-- Task description --
An acceptable answer contains each line of the material, unchanged.

========================

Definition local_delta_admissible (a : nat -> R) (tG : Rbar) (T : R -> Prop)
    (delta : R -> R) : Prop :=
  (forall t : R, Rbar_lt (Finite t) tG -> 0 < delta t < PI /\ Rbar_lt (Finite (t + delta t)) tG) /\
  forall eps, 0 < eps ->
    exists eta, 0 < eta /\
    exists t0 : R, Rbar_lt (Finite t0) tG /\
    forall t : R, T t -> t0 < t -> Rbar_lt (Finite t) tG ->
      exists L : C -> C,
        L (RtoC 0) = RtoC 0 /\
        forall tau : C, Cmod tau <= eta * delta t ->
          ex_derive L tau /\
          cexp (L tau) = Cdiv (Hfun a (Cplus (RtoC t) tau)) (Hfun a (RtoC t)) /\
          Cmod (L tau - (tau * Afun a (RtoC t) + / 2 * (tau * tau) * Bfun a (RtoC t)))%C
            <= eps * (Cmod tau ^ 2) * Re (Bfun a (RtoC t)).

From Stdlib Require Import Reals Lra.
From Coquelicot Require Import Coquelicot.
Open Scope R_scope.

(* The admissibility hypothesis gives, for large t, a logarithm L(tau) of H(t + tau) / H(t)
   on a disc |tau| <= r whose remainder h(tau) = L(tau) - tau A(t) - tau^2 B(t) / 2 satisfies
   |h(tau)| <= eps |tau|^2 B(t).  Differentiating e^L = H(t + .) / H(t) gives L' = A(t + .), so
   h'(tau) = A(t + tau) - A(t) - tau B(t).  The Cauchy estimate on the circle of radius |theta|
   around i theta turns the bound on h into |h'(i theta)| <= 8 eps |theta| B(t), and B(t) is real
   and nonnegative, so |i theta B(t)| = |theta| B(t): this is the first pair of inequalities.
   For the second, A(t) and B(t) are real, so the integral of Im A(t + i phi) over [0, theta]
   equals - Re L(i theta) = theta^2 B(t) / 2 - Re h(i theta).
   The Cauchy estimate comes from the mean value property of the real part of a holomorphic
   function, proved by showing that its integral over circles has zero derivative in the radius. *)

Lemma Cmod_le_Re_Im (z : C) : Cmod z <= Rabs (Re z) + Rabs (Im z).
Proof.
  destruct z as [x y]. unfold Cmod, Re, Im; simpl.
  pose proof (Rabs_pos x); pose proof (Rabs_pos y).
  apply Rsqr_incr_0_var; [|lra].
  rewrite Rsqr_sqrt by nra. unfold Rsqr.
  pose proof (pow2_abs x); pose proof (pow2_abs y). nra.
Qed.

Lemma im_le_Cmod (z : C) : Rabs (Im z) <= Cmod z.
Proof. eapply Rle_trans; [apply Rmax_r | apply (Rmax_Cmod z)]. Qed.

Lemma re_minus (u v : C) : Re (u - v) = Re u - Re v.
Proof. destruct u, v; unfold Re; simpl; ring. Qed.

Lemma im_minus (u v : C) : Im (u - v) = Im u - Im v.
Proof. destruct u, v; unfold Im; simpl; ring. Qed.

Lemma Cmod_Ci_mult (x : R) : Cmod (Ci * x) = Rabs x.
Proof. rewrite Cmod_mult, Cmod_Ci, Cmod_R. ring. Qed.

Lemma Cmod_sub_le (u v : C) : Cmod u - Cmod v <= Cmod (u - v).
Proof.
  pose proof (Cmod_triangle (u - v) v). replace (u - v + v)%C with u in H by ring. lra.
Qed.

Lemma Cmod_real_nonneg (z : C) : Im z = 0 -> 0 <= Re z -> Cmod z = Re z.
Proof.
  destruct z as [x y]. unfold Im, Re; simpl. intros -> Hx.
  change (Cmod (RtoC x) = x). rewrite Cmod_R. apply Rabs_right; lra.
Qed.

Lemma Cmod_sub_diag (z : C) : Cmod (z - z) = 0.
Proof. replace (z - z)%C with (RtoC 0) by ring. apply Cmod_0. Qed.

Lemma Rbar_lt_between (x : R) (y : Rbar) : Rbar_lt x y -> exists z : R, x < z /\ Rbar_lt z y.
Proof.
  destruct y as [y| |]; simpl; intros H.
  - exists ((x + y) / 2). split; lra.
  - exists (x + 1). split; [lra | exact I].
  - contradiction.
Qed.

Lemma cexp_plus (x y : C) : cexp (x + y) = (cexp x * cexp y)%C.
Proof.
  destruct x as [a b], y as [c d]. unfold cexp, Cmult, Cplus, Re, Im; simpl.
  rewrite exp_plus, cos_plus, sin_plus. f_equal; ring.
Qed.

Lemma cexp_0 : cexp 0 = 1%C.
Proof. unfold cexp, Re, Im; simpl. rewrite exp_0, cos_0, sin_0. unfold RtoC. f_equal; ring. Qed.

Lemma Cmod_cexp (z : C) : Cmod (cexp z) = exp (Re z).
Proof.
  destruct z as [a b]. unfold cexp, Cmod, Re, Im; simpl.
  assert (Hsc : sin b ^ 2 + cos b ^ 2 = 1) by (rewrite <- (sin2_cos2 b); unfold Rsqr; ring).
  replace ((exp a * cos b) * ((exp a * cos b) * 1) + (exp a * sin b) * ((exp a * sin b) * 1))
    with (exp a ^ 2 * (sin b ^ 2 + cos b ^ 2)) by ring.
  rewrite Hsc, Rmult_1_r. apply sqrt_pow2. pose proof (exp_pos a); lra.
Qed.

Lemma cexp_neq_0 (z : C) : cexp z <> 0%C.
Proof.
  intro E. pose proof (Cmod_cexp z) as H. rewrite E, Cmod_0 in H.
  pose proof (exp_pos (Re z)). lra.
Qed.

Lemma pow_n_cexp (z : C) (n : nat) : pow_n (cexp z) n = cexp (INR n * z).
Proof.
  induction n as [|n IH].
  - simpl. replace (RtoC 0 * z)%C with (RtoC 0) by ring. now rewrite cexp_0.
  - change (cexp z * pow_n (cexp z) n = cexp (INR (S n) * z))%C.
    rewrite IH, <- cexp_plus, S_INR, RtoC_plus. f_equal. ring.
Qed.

========================

-- Answer box --
Definition local_delta_admissible (a : nat -> R) (tG : Rbar) (T : R -> Prop)
    (delta : R -> R) : Prop :=
  (forall t : R, Rbar_lt (Finite t) tG -> 0 < delta t < PI /\ Rbar_lt (Finite (t + delta t)) tG) /\
  forall eps, 0 < eps ->
    exists eta, 0 < eta /\
    exists t0 : R, Rbar_lt (Finite t0) tG /\
    forall t : R, T t -> t0 < t -> Rbar_lt (Finite t) tG ->
      exists L : C -> C,
        L (RtoC 0) = RtoC 0 /\
        forall tau : C, Cmod tau <= eta * delta t ->
          ex_derive L tau /\
          cexp (L tau) = Cdiv (Hfun a (Cplus (RtoC t) tau)) (Hfun a (RtoC t)) /\
          Cmod (L tau - (tau * Afun a (RtoC t) + / 2 * (tau * tau) * Bfun a (RtoC t)))%C
            <= eps * (Cmod tau ^ 2) * Re (Bfun a (RtoC t)).

From Stdlib Require Import Reals Lra.
From Coquelicot Require Import Coquelicot.
Open Scope R_scope.

(* The admissibility hypothesis gives, for large t, a logarithm L(tau) of H(t + tau) / H(t)
   on a disc |tau| <= r whose remainder h(tau) = L(tau) - tau A(t) - tau^2 B(t) / 2 satisfies
   |h(tau)| <= eps |tau|^2 B(t).  Differentiating e^L = H(t + .) / H(t) gives L' = A(t + .), so
   h'(tau) = A(t + tau) - A(t) - tau B(t).  The Cauchy estimate on the circle of radius |theta|
   around i theta turns the bound on h into |h'(i theta)| <= 8 eps |theta| B(t), and B(t) is real
   and nonnegative, so |i theta B(t)| = |theta| B(t): this is the first pair of inequalities.
   For the second, A(t) and B(t) are real, so the integral of Im A(t + i phi) over [0, theta]
   equals - Re L(i theta) = theta^2 B(t) / 2 - Re h(i theta).
   The Cauchy estimate comes from the mean value property of the real part of a holomorphic
   function, proved by showing that its integral over circles has zero derivative in the radius. *)

Lemma Cmod_le_Re_Im (z : C) : Cmod z <= Rabs (Re z) + Rabs (Im z).
Proof.
  destruct z as [x y]. unfold Cmod, Re, Im; simpl.
  pose proof (Rabs_pos x); pose proof (Rabs_pos y).
  apply Rsqr_incr_0_var; [|lra].
  rewrite Rsqr_sqrt by nra. unfold Rsqr.
  pose proof (pow2_abs x); pose proof (pow2_abs y). nra.
Qed.

Lemma im_le_Cmod (z : C) : Rabs (Im z) <= Cmod z.
Proof. eapply Rle_trans; [apply Rmax_r | apply (Rmax_Cmod z)]. Qed.

Lemma re_minus (u v : C) : Re (u - v) = Re u - Re v.
Proof. destruct u, v; unfold Re; simpl; ring. Qed.

Lemma im_minus (u v : C) : Im (u - v) = Im u - Im v.
Proof. destruct u, v; unfold Im; simpl; ring. Qed.

Lemma Cmod_Ci_mult (x : R) : Cmod (Ci * x) = Rabs x.
Proof. rewrite Cmod_mult, Cmod_Ci, Cmod_R. ring. Qed.

Lemma Cmod_sub_le (u v : C) : Cmod u - Cmod v <= Cmod (u - v).
Proof.
  pose proof (Cmod_triangle (u - v) v). replace (u - v + v)%C with u in H by ring. lra.
Qed.

Lemma Cmod_real_nonneg (z : C) : Im z = 0 -> 0 <= Re z -> Cmod z = Re z.
Proof.
  destruct z as [x y]. unfold Im, Re; simpl. intros -> Hx.
  change (Cmod (RtoC x) = x). rewrite Cmod_R. apply Rabs_right; lra.
Qed.

Lemma Cmod_sub_diag (z : C) : Cmod (z - z) = 0.
Proof. replace (z - z)%C with (RtoC 0) by ring. apply Cmod_0. Qed.

Lemma Rbar_lt_between (x : R) (y : Rbar) : Rbar_lt x y -> exists z : R, x < z /\ Rbar_lt z y.
Proof.
  destruct y as [y| |]; simpl; intros H.
  - exists ((x + y) / 2). split; lra.
  - exists (x + 1). split; [lra | exact I].
  - contradiction.
Qed.

Lemma cexp_plus (x y : C) : cexp (x + y) = (cexp x * cexp y)%C.
Proof.
  destruct x as [a b], y as [c d]. unfold cexp, Cmult, Cplus, Re, Im; simpl.
  rewrite exp_plus, cos_plus, sin_plus. f_equal; ring.
Qed.

Lemma cexp_0 : cexp 0 = 1%C.
Proof. unfold cexp, Re, Im; simpl. rewrite exp_0, cos_0, sin_0. unfold RtoC. f_equal; ring. Qed.

Lemma Cmod_cexp (z : C) : Cmod (cexp z) = exp (Re z).
Proof.
  destruct z as [a b]. unfold cexp, Cmod, Re, Im; simpl.
  assert (Hsc : sin b ^ 2 + cos b ^ 2 = 1) by (rewrite <- (sin2_cos2 b); unfold Rsqr; ring).
  replace ((exp a * cos b) * ((exp a * cos b) * 1) + (exp a * sin b) * ((exp a * sin b) * 1))
    with (exp a ^ 2 * (sin b ^ 2 + cos b ^ 2)) by ring.
  rewrite Hsc, Rmult_1_r. apply sqrt_pow2. pose proof (exp_pos a); lra.
Qed.

Lemma cexp_neq_0 (z : C) : cexp z <> 0%C.
Proof.
  intro E. pose proof (Cmod_cexp z) as H. rewrite E, Cmod_0 in H.
  pose proof (exp_pos (Re z)). lra.
Qed.

Lemma pow_n_cexp (z : C) (n : nat) : pow_n (cexp z) n = cexp (INR n * z).
Proof.
  induction n as [|n IH].
  - simpl. replace (RtoC 0 * z)%C with (RtoC 0) by ring. now rewrite cexp_0.
  - change (cexp z * pow_n (cexp z) n = cexp (INR (S n) * z))%C.
    rewrite IH, <- cexp_plus, S_INR, RtoC_plus. f_equal. ring.
Qed.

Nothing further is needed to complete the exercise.